Yeshua forewarned that just before the End of Days, “many shall be offended, and shall betray one another, and shall hate one another” (Matt. 24:10). What dreadful people, you might imagine… what terrible depravity will mark that time! And yet here we are today, with so many crusading for their own personal sense of victimhood, demanding special treatment, and threatening retaliation for being treated unfairly… It must be remembered, however, that whenever we decry offence in others, we may be reflecting the evil within ourselves (Matt. 7:1-5). What is this evil within you ask? How about being intolerant toward those who differ from us? How about be impatient – refusing to allow others to share their perspectives? Indeed, how many of us make the demand that others be “perfect” but turn a blind eye to our own imperfections? And what about the sin of unforgiveness? What about our attitude of suspicion — using the “evil eye” regarding others’ motives – looking for something impure – rather than extending to them the benefit of the doubt? Do you carry resentment with your heart? Do you hold on to a grudge over a real (or imagined) insult from the past? Do you harbor the desire to seek revenge? All of these evil attitudes reveal a hard heart – and failing to remember that all that is good in your life comes exclusively by the mercy of God alone… When you feel offended, look within and carefully consider the assumptions at work in your thinking. Ask whether your indignation is based on the truth of God or something else. Are you demanding: “My will be done, in heaven as it is on earth?” Are you seeking your own vision, or surrendering to the truth of Reality?

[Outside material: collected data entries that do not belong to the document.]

Lemma sintegral_scale (r : R) (f : {nnsfun T >-> R}) : (0 < r)%R ->
  sintegral mu (cst r \* f)%R = r%:E * sintegral mu f.
Proof.
move=> /lt0r_neq0 r0; rewrite !sintegralET ge0_mule_fsumr//.
rewrite (reindex_fsbigT ( *%R r))/=; last first.
  by exists ( *%R r^-1); [exact: mulKf|exact: mulVKf].
by apply: eq_fsbigr => x; rewrite preimage_cstM// [(_ / r)%R]mulrC mulKf// muleA.
Qed.

Lemma ge0_integral_sup D (f : T -> R) : (forall x, D x -> 0 <= f x)%R ->
  \int[mu]_(x in D) (f x)%:E = ereal_sup [set sintegral mu s |
    s in [set s : {nnsfun T >-> R} | forall x, (s x)%:E <= ((EFin \o f) \_ D) x]].
Proof.
move=> f0; have fD0 x : setT x -> 0 <= ((EFin \o f) \_ D) x.
  by move=> _; rewrite /patch; case: ifP => [/[!inE] /f0|]; rewrite ?lee_fin.
rewrite /integral; have -> : ((EFin \o f) \_ D)^\+ = (EFin \o f) \_ D.
  by apply/funext => x; rewrite (ge0_funeposE fD0 (in_setT x)).
have -> : ((EFin \o f) \_ D)^\- = cst 0.
  by apply/funext => x; rewrite (ge0_funenegE fD0 (in_setT x)).
suff -> : ereal_sup [set sintegral mu s | s in [set s : {nnsfun T >-> R} |
    forall x, (s x)%:E <= cst 0 x]] = 0 by rewrite sube0.
apply/eqP; rewrite eq_le; apply/andP; split; last first.
  by apply/ereal_sup_ubound; exists nnsfun0 => //; exact: sintegral_eq0.
apply/ge_ereal_sup => _ [s /= s0 <-]; rewrite sintegral_eq0// => x.
by apply/eqP; rewrite eq_le fun_ge0 andbT -lee_fin s0.
Qed.

Lemma ge0_le_integral_scale D (f g : T -> R) (K : R) : (0 < K)%R ->
  (forall x, D x -> 0 <= f x)%R -> (forall x, D x -> 0 <= g x)%R ->
  (forall x, D x -> f x <= K * g x)%R ->
  \int[mu]_(x in D) (f x)%:E <= K%:E * \int[mu]_(x in D) (g x)%:E.
Proof.
move=> K0 f0 g0 fg; rewrite !ge0_integral_sup//.
apply/ge_ereal_sup => _ [s /= sf <-].
have K'0 : (0 <= K^-1)%R by rewrite invr_ge0 ltW.
pose s' := scale_nnsfun s K'0.
have -> : sintegral mu s = K%:E * sintegral mu s'.
  by rewrite sintegral_scale ?invr_gt0// muleA -EFinM divff ?gt_eqF// mul1e.
apply: lee_wpmul2l; first by rewrite lee_fin ltW.
apply/ereal_sup_ubound; exists s' => //= x; move: (sf x).
rewrite /patch; case: ifP => [/[!inE] Dx|_] /=; rewrite !lee_fin => sx.
  by rewrite ler_pdivrMl// (le_trans sx)// fg.
by rewrite mulr_ge0_le0.
Qed.
End set_function_integral.

Section lebd.
Context (R : realType).
(* Let $(\mathfrak{g},[\cdot,\cdot]_{\mathfrak{g}},\phi_{\mathfrak{g}})$ be a finite-dimensional weakly involutive Hom-Lie algebra and $(V,\beta,\rho)$ a weakly involutive representation ($V$ finite-dimensional) satisfying $\rho(\phi_{\mathfrak g}(x))\beta^2=\rho(\phi_{\mathfrak g}(x))$ for all $x\in\mathfrak g$. Let $T:V\to\mathfrak g$ be an $\mathcal O$-operator associated to $(V,\beta,\rho)$. Then there is a coboundary Hom-Lie bialgebra structure on $\mathfrak g\ltimes_{\rho^\circ}V^*$ induced by $r=\overline T-\sigma(\overline T)$, i.e. with cobracket $\Delta(u)=(\mathrm{ad}_u\otimes\phi_d+\phi_d\otimes\mathrm{ad}_u)r$, where $\phi_d=\phi_{\mathfrak g}\oplus\beta^*$.
   Context: A Hom-Lie algebra $(\mathfrak{h},[\cdot,\cdot]_{\mathfrak{h}},\phi_{\mathfrak{h}})$: skew-symmetric bilinear bracket and linear map with $\phi_{\mathfrak h}[x,y]=[\phi_{\mathfrak h}x,\phi_{\mathfrak h}y]$ and $[\phi_{\mathfrak h}(x),[y,z]]+[\phi_{\mathfrak h}(y),[z,x]]+[\phi_{\mathfrak h}(z),[x,y]]=0$; weakly involutive if $[\phi_{\mathfrak h}^2(x),y]=[x,y]$ for all $x,y$. $\mathrm{ad}_zy=[z,y]$. A representation $(V,\beta,\rho)$ of $\mathfrak g$: $\beta\in\mathfrak{gl}(V)$, $\rho:\mathfrak g\to\mathfrak{gl}(V)$ with $\rho(\phi_{\mathfrak g}(x))\beta=\beta\rho(x)$ and $\rho([x,y]_{\mathfrak g})\beta=\rho(\phi_{\mathfrak g}(x))\rho(y)-\rho(\phi_{\mathfrak g}(y))\rho(x)$; weakly involutive if $\rho(\phi_{\mathfrak g}^2(x))=\rho(x)$. $\rho^\circ:\mathfrak g\to\mathfrak{gl}(V^* )$, $\langle\rho^\circ(x)\xi,v\rangle=-\langle\xi,\rho(\phi_{\mathfrak g}(x))v\rangle$. $\mathfrak g\ltimes_{\rho^\circ}V^*$ is $\mathfrak g\oplus V^*$ with bracket $[(x,\xi),(y,\eta)]=([x,y]_{\mathfrak g},\rho^\circ(x)\eta-\rho^\circ(y)\xi)$ and twisting map $\phi_{\mathfrak g}\oplus\beta^*$. An $\mathcal O$-operator associated to $(V,\beta,\rho)$ is a linear $T:V\to\mathfrak g$ with $T\beta=\phi_{\mathfrak g}T$ and $[T(u),T(v)]_{\mathfrak g}=T(\rho(T(u))v-\rho(T(v))u)$. With a basis $\{v_i\}$ of $V$ and dual basis $\{v^i\}$, $\overline T=\sum_iv^i\otimes T(v_i)$; $\sigma$ is the flip. A Hom-Lie bialgebra $(\mathfrak h,\Delta)$ (finite-dimensional): a weakly involutive Hom-Lie algebra $\mathfrak h$ with $\Delta:\mathfrak h\to\mathfrak h\otimes\mathfrak h$ such that $\mathfrak h^*$ with bracket $\langle[a,b],x\rangle=\langle\Delta(x),a\otimes b\rangle$ and map $\phi_{\mathfrak h}^*$ is a weakly involutive Hom-Lie algebra and $\Delta[x,y]=\mathrm{ad}_{\phi_{\mathfrak h}(x)}\Delta(y)-\mathrm{ad}_{\phi_{\mathfrak h}(y)}\Delta(x)$, where $\mathrm{ad}_zt=(\mathrm{ad}_z\otimes\phi_{\mathfrak h}+\phi_{\mathfrak h}\otimes\mathrm{ad}_z)t$ for $t\in\mathfrak h\otimes\mathfrak h$. It is coboundary if $\Delta(x)=\mathrm{ad}_xr$ for some $r$ with $(\phi_{\mathfrak h}\otimes\mathrm{Id})r=(\mathrm{Id}\otimes\phi_{\mathfrak h})r$. *)

(* Finite-dimensional spaces are modelled in coordinates:
   a space of dimension n is 'rV[K]_n, the tensor square is 'M[K]_(n,n)
   (entry t i j = coefficient of e_i (x) e_j), linear maps are functions
   with an explicit linearity hypothesis, the dual of 'rV_m is 'rV_m with the
   dual basis given by the standard basis (pairing = sum_i xi_i v_i). *)
From HB Require Import structures.
From mathcomp Require Import all_boot all_order all_algebra.
Set Implicit Arguments. Unset Strict Implicit. Unset Printing Implicit Defensive.
Import GRing.Theory.
Local Open Scope ring_scope.
(* Let $T$ be a tree. If $f(X)$ is a nonzero minor of $L(T,X)$ (the determinant of a square submatrix $L(T,X)[I,J]$ with $|I|=|J|\geq1$) whose leading coefficient is positive, then there exists a $2$-matching $\mathcal{M}$ of $T^\ell$ such that $f(X)=d(\mathcal{M},X)$.
   Context: A tree is a simple connected graph without cycles. $L(T,X)$ is the matrix indexed by $V(T)$ with diagonal entries $x_u$ and off-diagonal entry $-1$ for adjacent vertices and $0$ otherwise. Leading coefficients are taken with respect to the degree lexicographic monomial order. A $2$-matching of a graph (loops allowed) is a set $\mathcal{M}$ of edges such that every vertex is incident to at most two edges of $\mathcal{M}$ (a loop counts twice for incidence but as one edge). $T^\ell$ is $T$ with a loop added at each vertex. Components of $\mathcal{M}$ are single loops or paths of $T$; orient each path $w_1\cdots w_{m+1}$ (either direction), with heads $\{w_2,\dots,w_{m+1}\}$ and tails $\{w_1,\dots,w_m\}$, a loop $uu$ having head and tail $u$; $h(\mathcal{M})$, $t(\mathcal{M})$ are the unions of heads, resp. tails. $d(\mathcal{M},X)=\pm\det L(T,X)[h(\mathcal{M}),t(\mathcal{M})]$, the sign chosen so that the leading coefficient is positive. *)

From mathcomp Require Import all_boot all_order all_algebra.
From mathcomp Require Import mpoly.
Set Implicit Arguments. Unset Strict Implicit. Unset Printing Implicit Defensive.
Import Order.TTheory GRing.Theory Num.Theory.
Local Open Scope ring_scope.

Definition is_tree (n : nat) (e : rel 'I_n) : Prop :=
  [/\ (forall u v : 'I_n, e u v = e v u), (forall u : 'I_n, ~~ e u u),
      (forall u v : 'I_n, connect e u v) &
      (forall s : seq 'I_n, uniq s -> (2 < size s)%N -> ~~ cycle e s)].

Definition Lmx (n : nat) (e : rel 'I_n) : 'M[{mpoly int[n]}]_n :=
  \matrix_(u, v) (if u == v then 'X_u else if e u v then -1 else 0).
(* Fix an integer $n\ge 1$. For $m>n$ let \[ \begin{split}\delta_{m,n}(p) &= 9 + n (m^2 (2 + n)^2 + 3 (4 + n) - 2 m (5 + 2n)) - 24 p - n (12 + m^2 (2 + n) + 2 m n (3 + n)) p \\ &\qquad{}+(22 + n (8 + 2 m (1 + n) + n (3 + n))) p^2 - (8 + n (2 + n)) p^3 + p^4 ,\end{split} \] and let $p^*(m,n)$ be the real root of $\delta_{m,n}(p)=0$ that grows with $m$ (of order $m^{2/3}$). Then as $m\to\infty$, \[ p^*(m,n) = m^{2/3} (n (2 + n))^{1/3} - m^{1/3}\cdot\frac{2 n (1 + n)}{3 (n (2 + n))^{1/3}} + \frac{1}{3}(6 + n + n^2) - m^{-1/3}\cdot\frac{2 n^2 (216 + 230 n + 87 n^2 + 24 n^3 + 5 n^4)}{81 (n (2 + n))^{5/3}} + o(m^{-1/3}). \]
   Context: $\delta_{m,n}(p)$ is a quartic polynomial in $p$ whose appropriate root (rounded) gives the optimal training-set size for a linear regression with $m$ Gaussian data points of dimension $n$. *)

From Stdlib Require Import Reals.
Open Scope R_scope.

Definition delta (m n : nat) (p : R) : R :=
  let M := INR m in let N := INR n in
  9 + N * (M^2 * (2 + N)^2 + 3 * (4 + N) - 2 * M * (5 + 2 * N))
  - 24 * p - N * (12 + M^2 * (2 + N) + 2 * M * N * (3 + N)) * p
  + (22 + N * (8 + 2 * M * (1 + N) + N * (3 + N))) * p^2
  - (8 + N * (2 + N)) * p^3 + p^4.

Definition pstar_approx (m n : nat) : R :=
  let M := INR m in let N := INR n in
  let c := Rpower (N * (2 + N)) (1/3) in
  Rpower M (2/3) * c
  - Rpower M (1/3) * (2 * N * (1 + N) / (3 * c))
  + (1/3) * (6 + N + N^2)
  - Rpower M (-(1/3)) *
      (2 * N^2 * (216 + 230 * N + 87 * N^2 + 24 * N^3 + 5 * N^4)
       / (81 * Rpower (N * (2 + N)) (5/3))).

(* Write m = u^-3 and p = q u^-2.  Then u^8 delta_{m,n}(p) is a polynomial F(q, u) with
   F(q, 0) = q^4 - n(n+2) q, which vanishes at q = c = (n(n+2))^(1/3) with slope 3 n(n+2).
   The coefficients of the expansion are exactly those making F(q(u), u) = O(u^3) along
   q(u) = c + a1 u + a2 u^2 + a3 u^3, and shifting a3 by e turns the u^3 coefficient into
   3 n(n+2) e.  Hence delta(p* + e m^(-1/3)) has the sign of e for large m, and the
   intermediate value theorem gives a root in every window p* +- eps m^(-1/3).  For large m,
   delta is convex (its p^2 coefficient grows like m) and negative at n+3, so it has only
   one root above n+3; a root tending to infinity must be that one. *)

From Stdlib Require Import Reals Lra Lia List Compare_dec.
From Coquelicot Require Import Coquelicot.
Import ListNotations.
Open Scope R_scope.

Fixpoint peval (l : list R) (x : R) : R :=
  match l with [] => 0 | a :: l' => a + x * peval l' x end.

Fixpoint padd (l1 l2 : list R) : list R :=
  match l1, l2 with
  | [], _ => l2
  | _, [] => l1
  | a :: l1', b :: l2' => (a + b) :: padd l1' l2'
  end.

Fixpoint pmul (l1 l2 : list R) : list R :=
  match l1 with
  | [] => []
  | a :: l1' => padd (map (Rmult a) l2) (0 :: pmul l1' l2)
  end.

Definition pcomp (ls : list (list R)) (q : list R) : list R :=
  fold_right (fun a acc => padd a (pmul q acc)) [] ls.

Lemma peval_padd l1 l2 x : peval (padd l1 l2) x = peval l1 x + peval l2 x.
Proof.
  revert l2; induction l1 as [|a l1 IH]; intros [|b l2]; simpl; try rewrite IH; ring.
Qed.

Lemma peval_map_Rmult a l x : peval (map (Rmult a) l) x = a * peval l x.
Proof. induction l as [|b l IH]; simpl; try rewrite IH; ring. Qed.

Lemma peval_pmul l1 l2 x : peval (pmul l1 l2) x = peval l1 x * peval l2 x.
Proof.
  induction l1 as [|a l1 IH]; simpl; [ring|].
  rewrite peval_padd, peval_map_Rmult; simpl; rewrite IH; ring.
Qed.

Lemma peval_pcomp ls q x :
  peval (pcomp ls q) x = peval (map (fun a => peval a x) ls) (peval q x).
Proof.
  induction ls as [|a ls IH]; simpl; [reflexivity|].
  rewrite peval_padd, peval_pmul, IH; reflexivity.
Qed.

Lemma peval_low_order k a l x :
  firstn (S k) l = repeat 0 k ++ [a] ->
  peval l x = x ^ k * peval (a :: skipn (S k) l) x.
Proof.
  revert l; induction k as [|k IH]; intros [|b l] H; try discriminate H.
  - injection H as Ha; rewrite Ha; simpl; ring.
  - injection H; intros Hl ->.
    change (0 + x * peval l x = x * x ^ k * peval (a :: skipn (S k) l) x).
    rewrite (IH l Hl); ring.
Qed.

Lemma is_lim_seq_peval l v (x : R) :
  is_lim_seq v x -> is_lim_seq (fun m => peval l (v m)) (peval l x).
Proof.
  intro Hv; induction l as [|a l IH]; simpl.
  - apply is_lim_seq_const.
  - apply is_lim_seq_plus'; [apply is_lim_seq_const|].
    apply is_lim_seq_mult'; assumption.
Qed.

Lemma is_lim_seq_eventually_pos v (l : R) :
  is_lim_seq v l -> 0 < l -> eventually (fun m => 0 < v m).
Proof.
  intros Hv Hl; apply is_lim_seq_spec in Hv.
  apply (filter_imp (fun m => Rabs (v m - l) < l)); [|exact (Hv (mkposreal l Hl))].
  intros m Hm; apply Rabs_def2 in Hm; lra.
Qed.

Lemma eventually_INR_gt A : eventually (fun m => A < INR m).
Proof.
  destruct (INR_unbounded A) as [N0 HN0]; exists N0; intros m Hm.
  apply le_INR in Hm; lra.
Qed.

Lemma eventually_ge k : eventually (fun m => (k <= m)%nat).
Proof. exists k; easy. Qed.

Section SupportingLines.

Variables f f' : R -> R.
Hypothesis supporting_line : forall x y, f y + f' y * (x - y) <= f x.

Lemma chord_above x y z : x < y < z -> (z - x) * f y <= (z - y) * f x + (y - x) * f z.
Proof.
  intros Hxyz.
  pose proof (supporting_line x y) as Hx; pose proof (supporting_line z y) as Hz.
  assert (Hx' : (z - y) * (f y + f' y * (x - y)) <= (z - y) * f x)
    by (apply Rmult_le_compat_l; lra).
  assert (Hz' : (y - x) * (f y + f' y * (z - y)) <= (y - x) * f z)
    by (apply Rmult_le_compat_l; lra).
  nra.
Qed.

Lemma root_between K b b' r :
  K < b < b' -> f K < 0 -> f b < 0 -> 0 < f b' -> K < r -> f r = 0 -> b < r < b'.
Proof.
  intros Hb HK Hfb Hfb' HKr Hr; split.
  - destruct (Rtotal_order r b) as [Hrb | [-> | Hrb]]; [| lra | lra].
    pose proof (chord_above K r b) as Hc; rewrite Hr in Hc; nra.
  - destruct (Rtotal_order r b') as [Hrb | [-> | Hrb]]; [lra | lra |].
    pose proof (chord_above b b' r) as Hc; rewrite Hr in Hc; nra.
Qed.

End SupportingLines.

Definition quartic (A B C D p : R) : R := p ^ 4 - A * p ^ 3 + B * p ^ 2 - C * p + D.

Definition quartic_deriv (A B C p : R) : R := 4 * p ^ 3 - 3 * A * p ^ 2 + 2 * B * p - C.

Lemma quartic_supporting_line A B C D x y :
  3 * A ^ 2 < 8 * B ->
  quartic A B C D y + quartic_deriv A B C y * (x - y) <= quartic A B C D x.
Proof.
  intros HAB.
  assert (E : quartic A B C D x - quartic A B C D y - quartic_deriv A B C y * (x - y)
              = (x - y) ^ 2 * ((x + y - A / 2) ^ 2 + 2 * (y - A / 4) ^ 2 + (B - 3 * A ^ 2 / 8)))
    by (unfold quartic, quartic_deriv; field).
  assert (0 <= (x - y) ^ 2 * ((x + y - A / 2) ^ 2 + 2 * (y - A / 4) ^ 2 + (B - 3 * A ^ 2 / 8))).
  { apply Rmult_le_pos; [apply pow2_ge_0|].
    pose proof (pow2_ge_0 (x + y - A / 2)); pose proof (pow2_ge_0 (y - A / 4)); lra. }
  lra.
Qed.

Lemma Rpower_mult_INR x y k : Rpower x (y * INR k) = Rpower x y ^ k.
Proof. rewrite <- Rpower_mult, Rpower_pow; [reflexivity | apply exp_pos]. Qed.

Lemma Rpower_third_cube x : 0 < x -> Rpower x (1 / 3) ^ 3 = x.
Proof.
  intro Hx; rewrite <- Rpower_mult_INR.
  replace (1 / 3 * INR 3) with 1 by (simpl; field); apply Rpower_1, Hx.
Qed.

Lemma Rpower_cube_third x : 0 < x -> Rpower (x ^ 3) (1 / 3) = x.
Proof.
  intro Hx; rewrite <- Rpower_pow, Rpower_mult by exact Hx.
  replace (INR 3 * (1 / 3)) with 1 by (simpl; field); apply Rpower_1, Hx.
Qed.

Definition scale (m : nat) : R := / Rpower (INR m) (1 / 3).

Lemma scale_pos m : 0 < scale m.
Proof. apply Rinv_0_lt_compat, exp_pos. Qed.

Lemma cv_infty_cube_root : cv_infty (fun m => Rpower (INR m) (1 / 3)).
Proof.
  intros Y; set (X := Rmax 1 Y).
  assert (HX : 0 < X) by (unfold X; pose proof (Rmax_l 1 Y); lra).
  destruct (eventually_INR_gt (X ^ 3)) as [N0 HN0]; exists N0; intros m Hm.
  apply (Rle_lt_trans _ X); [apply Rmax_r|].
  rewrite <- (Rpower_cube_third X HX) at 1.
  apply Rlt_Rpower_l; [lra|].
  split; [apply pow_lt, HX | apply HN0, Hm].
Qed.

Lemma is_lim_seq_scale : is_lim_seq scale 0.
Proof. apply is_lim_seq_Reals, cv_infty_cv_0, cv_infty_cube_root. Qed.

Lemma INR_scale m : (1 <= m)%nat -> INR m = (/ scale m) ^ 3.
Proof.
  intro Hm; unfold scale; rewrite Rinv_inv, Rpower_third_cube; [reflexivity|].
  apply lt_0_INR; lia.
Qed.

(* Row [k] lists, by powers of [u], the coefficient of [q ^ k] in [u ^ 8 * delta m n (q / u ^ 2)]
   when [m = u ^ -3]. *)
Definition delta_coefs (N : R) : list (list R) :=
  [[0; 0; N * (2 + N) ^ 2; 0; 0; -2 * N * (5 + 2 * N); 0; 0; 9 + 3 * N * (4 + N)];
   [-(N * (2 + N)); 0; 0; -2 * N ^ 2 * (3 + N); 0; 0; -(24 + 12 * N)];
   [0; 2 * N * (1 + N); 0; 0; 22 + N * (8 + N * (3 + N))];
   [0; 0; -(8 + N * (2 + N))];
   [1]].

Lemma delta_rescale m n q u :
  u <> 0 -> INR m = (/ u) ^ 3 ->
  delta m n (peval q u / u ^ 2) = peval (pcomp (delta_coefs (INR n)) q) u / u ^ 8.
Proof.
  intros Hu Hm; rewrite peval_pcomp; unfold delta; rewrite Hm; simpl; field; exact Hu.
Qed.

Lemma delta_quartic m n p :
  let M := INR m in let N := INR n in
  delta m n p =
  quartic (8 + N * (2 + N)) (22 + N * (8 + 2 * M * (1 + N) + N * (3 + N)))
    (24 + N * (12 + M ^ 2 * (2 + N) + 2 * M * N * (3 + N)))
    (9 + N * (M ^ 2 * (2 + N) ^ 2 + 3 * (4 + N) - 2 * M * (5 + 2 * N))) p.
Proof. unfold delta, quartic; simpl; ring. Qed.

Section Expansion.

Variable n : nat.
Hypothesis n_pos : (1 <= n)%nat.

Let N := INR n.
Let s := N * (2 + N).
Let c := Rpower s (1 / 3).

Lemma N_pos : 0 < N.
Proof. apply lt_0_INR; lia. Qed.

Lemma s_pos : 0 < s.
Proof. pose proof N_pos; unfold s; nra. Qed.

Lemma c_pos : 0 < c.
Proof. apply exp_pos. Qed.

Lemma c_cube : c ^ 3 = N * (2 + N).
Proof. apply Rpower_third_cube, s_pos. Qed.

Definition pstar_coefs (e : R) : list R :=
  [c; -(2 * N * (1 + N) / (3 * c)); (6 + N + N ^ 2) / 3;
   e - 2 * N ^ 2 * (216 + 230 * N + 87 * N ^ 2 + 24 * N ^ 3 + 5 * N ^ 4) / (81 * c ^ 5)].

Lemma pstar_shift m e : (1 <= m)%nat ->
  pstar_approx m n + e * scale m = peval (pstar_coefs e) (scale m) / scale m ^ 2.
Proof.
  intro Hm; pose proof (scale_pos m); pose proof c_pos.
  assert (Ht : Rpower (INR m) (1 / 3) = / scale m) by (unfold scale; rewrite Rinv_inv; reflexivity).
  assert (Hc5 : Rpower s (5 / 3) = c ^ 5)
    by (unfold c; rewrite <- Rpower_mult_INR; f_equal; simpl; field).
  unfold pstar_approx, pstar_coefs; fold N s c; rewrite Hc5, Rpower_Ropp, Ht.
  replace (2 / 3) with (1 / 3 * INR 2) by (simpl; field).
  rewrite Rpower_mult_INR, Ht; simpl; field; lra.
Qed.

Lemma pstar_coefs_low_order e :
  firstn 4 (pcomp (delta_coefs N) (pstar_coefs e)) = [0; 0; 0; 3 * s * e].
Proof.
  pose proof N_pos; pose proof c_pos.
  unfold pstar_coefs, s; cbn.
  repeat (apply f_equal2; [field [c_cube]; lra |]); reflexivity.
Qed.

Lemma eventually_delta_sign e :
  e <> 0 -> eventually (fun m => 0 < e * delta m n (pstar_approx m n + e * scale m)).
Proof.
  intro He; pose proof s_pos.
  set (P := 3 * s * e :: skipn 4 (pcomp (delta_coefs N) (pstar_coefs e))).
  assert (Hlim : is_lim_seq (fun m => e * peval P (scale m)) (e * peval P 0)).
  { apply is_lim_seq_mult'; [apply is_lim_seq_const | apply is_lim_seq_peval, is_lim_seq_scale]. }
  assert (He2 : 0 < e * e) by exact (Rsqr_pos_lt e He).
  apply is_lim_seq_eventually_pos in Hlim; [| simpl; nra].
  generalize (filter_and _ _ Hlim (eventually_ge 1)); apply filter_imp; intros m [Hpos Hm].
  pose proof (scale_pos m) as Hu.
  rewrite (pstar_shift m e Hm), delta_rescale; [| lra | exact (INR_scale m Hm)].
  rewrite (peval_low_order 3 (3 * s * e)) by exact (pstar_coefs_low_order e); fold N P.
  replace (e * (scale m ^ 3 * peval P (scale m) / scale m ^ 8))
    with (e * peval P (scale m) / scale m ^ 5) by (field; lra).
  apply Rdiv_lt_0_compat; [exact Hpos | apply pow_lt, Hu].
Qed.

To be a human being is a paradox, caught between the realms of the infinite and nothingness; a union of endless possibility yet terminating limitation. Man desires to live forever but is conscious that one day he will die. He is an incongruity – a mix of flesh and spirit, saint and sinner, good and evil, angel and animal… A spirituality that demands for us to be always happy, always “up,” is therefore dishonest, since the truth is grounded in what is real, and that includes both the miserable and the tragic as well as the joyful and sublime. It’s not that there is no difference between good and evil within the heart, but both are part of who we really are. It is the bittersweet struggle, the process of walking as “saintly sinners,” “holy fools,” “dying immortals,” and so on, that defines us. We must embrace our brokenness, in order to become whole; there is no healing without true confession of our need. Therefore we come to the paradoxical cross – the place of utter pain, separation, and death – to find healing, acceptance and life.